(* Write s = mu(P)^-1, so that core(P) = {y : d_F(y) >= s for every facet F}.
   A facet tight at a relative interior point x of the core is tight on the
   whole core: if it were slack at some y of the core, the point of the core
   obtained by moving from x slightly away from y would violate it.  Hence the
   nonnegative combinations of the normals tight at x are constant on the core,
   i.e. lie in K(P)^perp.  Conversely, if w in K(P)^perp is not such a
   combination, Farkas' lemma gives v with <a_i, v> >= 0 for the tight facets
   and <w, v> < 0; then x + e v lies in the core for small e > 0, so v is in
   K(P) and <w, v> = 0, a contradiction.
   If core(P) = {x}, then K(P)^perp is everything, so the tight normals
   positively span the dual space.  In the polyhedron Q cut out by the tight
   inequalities, every line through a point then leaves Q in both directions;
   walking to the boundary writes each point of Q as a convex combination of
   vertices, and a vertex is the unique solution of a rational linear system,
   hence rational. *)

Section Dot.
Variables (R : realFieldType) (n : nat).
Implicit Types (u v w : 'rV[R]_n).

Definition dot u v : R := \sum_(j < n) u ord0 j * v ord0 j.

Lemma dotC u v : dot u v = dot v u.
Proof. by apply: eq_bigr => j _; rewrite mulrC. Qed.

Lemma dotDr u v w : dot w (u + v) = dot w u + dot w v.
Proof. by rewrite /dot -big_split; apply: eq_bigr => j _; rewrite mxE mulrDr. Qed.

Lemma dotZr t u v : dot v (t *: u) = t * dot v u.
Proof. by rewrite /dot mulr_sumr; apply: eq_bigr => j _; rewrite mxE mulrCA. Qed.

Lemma dotZl t u v : dot (t *: u) v = t * dot u v.
Proof. by rewrite dotC dotZr dotC. Qed.

Lemma dotNr u v : dot v (- u) = - dot v u.
Proof. by rewrite -scaleN1r dotZr mulN1r. Qed.

Lemma dotNl u v : dot (- u) v = - dot u v.
Proof. by rewrite dotC dotNr dotC. Qed.

Lemma dotBr u v w : dot w (u - v) = dot w u - dot w v.
Proof. by rewrite dotDr dotNr. Qed.

Lemma dotBl u v w : dot (u - v) w = dot u w - dot v w.
Proof. by rewrite dotC dotBr !(dotC w). Qed.

Lemma dot0r v : dot v 0 = 0.
Proof. by rewrite /dot big1 // => j _; rewrite mxE mulr0. Qed.

Lemma dot_sumr (I : Type) (r : seq I) (P : pred I) (F : I -> 'rV[R]_n) v :
  dot v (\sum_(i <- r | P i) F i) = \sum_(i <- r | P i) dot v (F i).
Proof.
elim/big_rec2: _ => [|i y1 y2 _ <-]; first exact: dot0r.
by rewrite dotDr.
Qed.

Lemma dot_suml (I : Type) (r : seq I) (P : pred I) (F : I -> 'rV[R]_n) v :
  dot (\sum_(i <- r | P i) F i) v = \sum_(i <- r | P i) dot (F i) v.
Proof. by rewrite dotC dot_sumr; apply: eq_bigr => i _; rewrite dotC. Qed.

Lemma dotvv_gt0 v : v != 0 -> 0 < dot v v.
Proof.
have sq_ge0 k : 0 <= v ord0 k * v ord0 k by rewrite -expr2 sqr_ge0.
move=> nv; rewrite lt_def sumr_ge0 ?andbT //; apply: contra nv => /eqP vv0.
apply/eqP/matrixP => i j; rewrite (ord1 i) mxE.
have /eqP := @psumr_eq0P _ _ predT _ (fun k _ => sq_ge0 k) vv0 j isT.
by rewrite mulf_eq0 orbb => /eqP.
Qed.

End Dot.

Section Farkas.
Variables (R : realFieldType) (n : nat).
Implicit Types (a c v w z : 'rV[R]_n) (s : seq 'rV[R]_n).
Local Notation dot := (@dot R n).

(* [in_cone s c]: c is a nonnegative combination of the vectors of s.  Peeling
   off one generator at a time makes Fourier-Motzkin elimination a plain
   induction. *)
Fixpoint in_cone s c : Prop :=
  if s is a :: s' then exists2 t, 0 <= t & in_cone s' (c - t *: a) else c = 0.

Lemma in_cone_cons s a c t : 0 <= t -> in_cone s c -> in_cone (a :: s) (c + t *: a).
Proof. by move=> t0 h; exists t; rewrite // addrK. Qed.

(* Projection along a onto the hyperplane [dot _ v = 0]. *)
Definition fm_proj v a z := dot z v *: a - dot a v *: z.

Lemma fm_proj_self v a : fm_proj v a a = 0.
Proof. exact: subrr. Qed.

Lemma dot_fm_proj v a z w :
  dot (fm_proj v a z) w = dot z (dot a w *: v - dot a v *: w).
Proof. by rewrite dotBl dotBr !dotZl !dotZr mulrC. Qed.

Lemma in_cone_fm_proj s a v y :
    (forall z, z \in s -> 0 <= dot z v) ->
    in_cone [seq fm_proj v a z | z <- s] y ->
  exists z t, [/\ in_cone s z, 0 <= t & y = t *: a - dot a v *: z].
Proof.
elim: s y => [|z s IH] y hs /=.
  by move=> ->; exists 0, 0; rewrite scale0r scaler0 subr0.
case=> t t0 /(IH _ (fun w hw => hs w (mem_behead (s := z :: s) hw))).
case=> z' [t' [hz' t'0 ey]].
have hz : 0 <= dot z v by apply: hs; rewrite inE eqxx.
exists (z' + t *: z), (t' + t * dot z v); split; first exact: in_cone_cons.
  by rewrite addr_ge0 // mulr_ge0.
by rewrite -(subrK (t *: fm_proj v a z) y) ey; apply/matrixP => i j; rewrite !mxE; ring.
Qed.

§ Work instructions: Looking at the data above, state how many of its lines contain the word "case", and give nothing but that number.

§ Solution: 2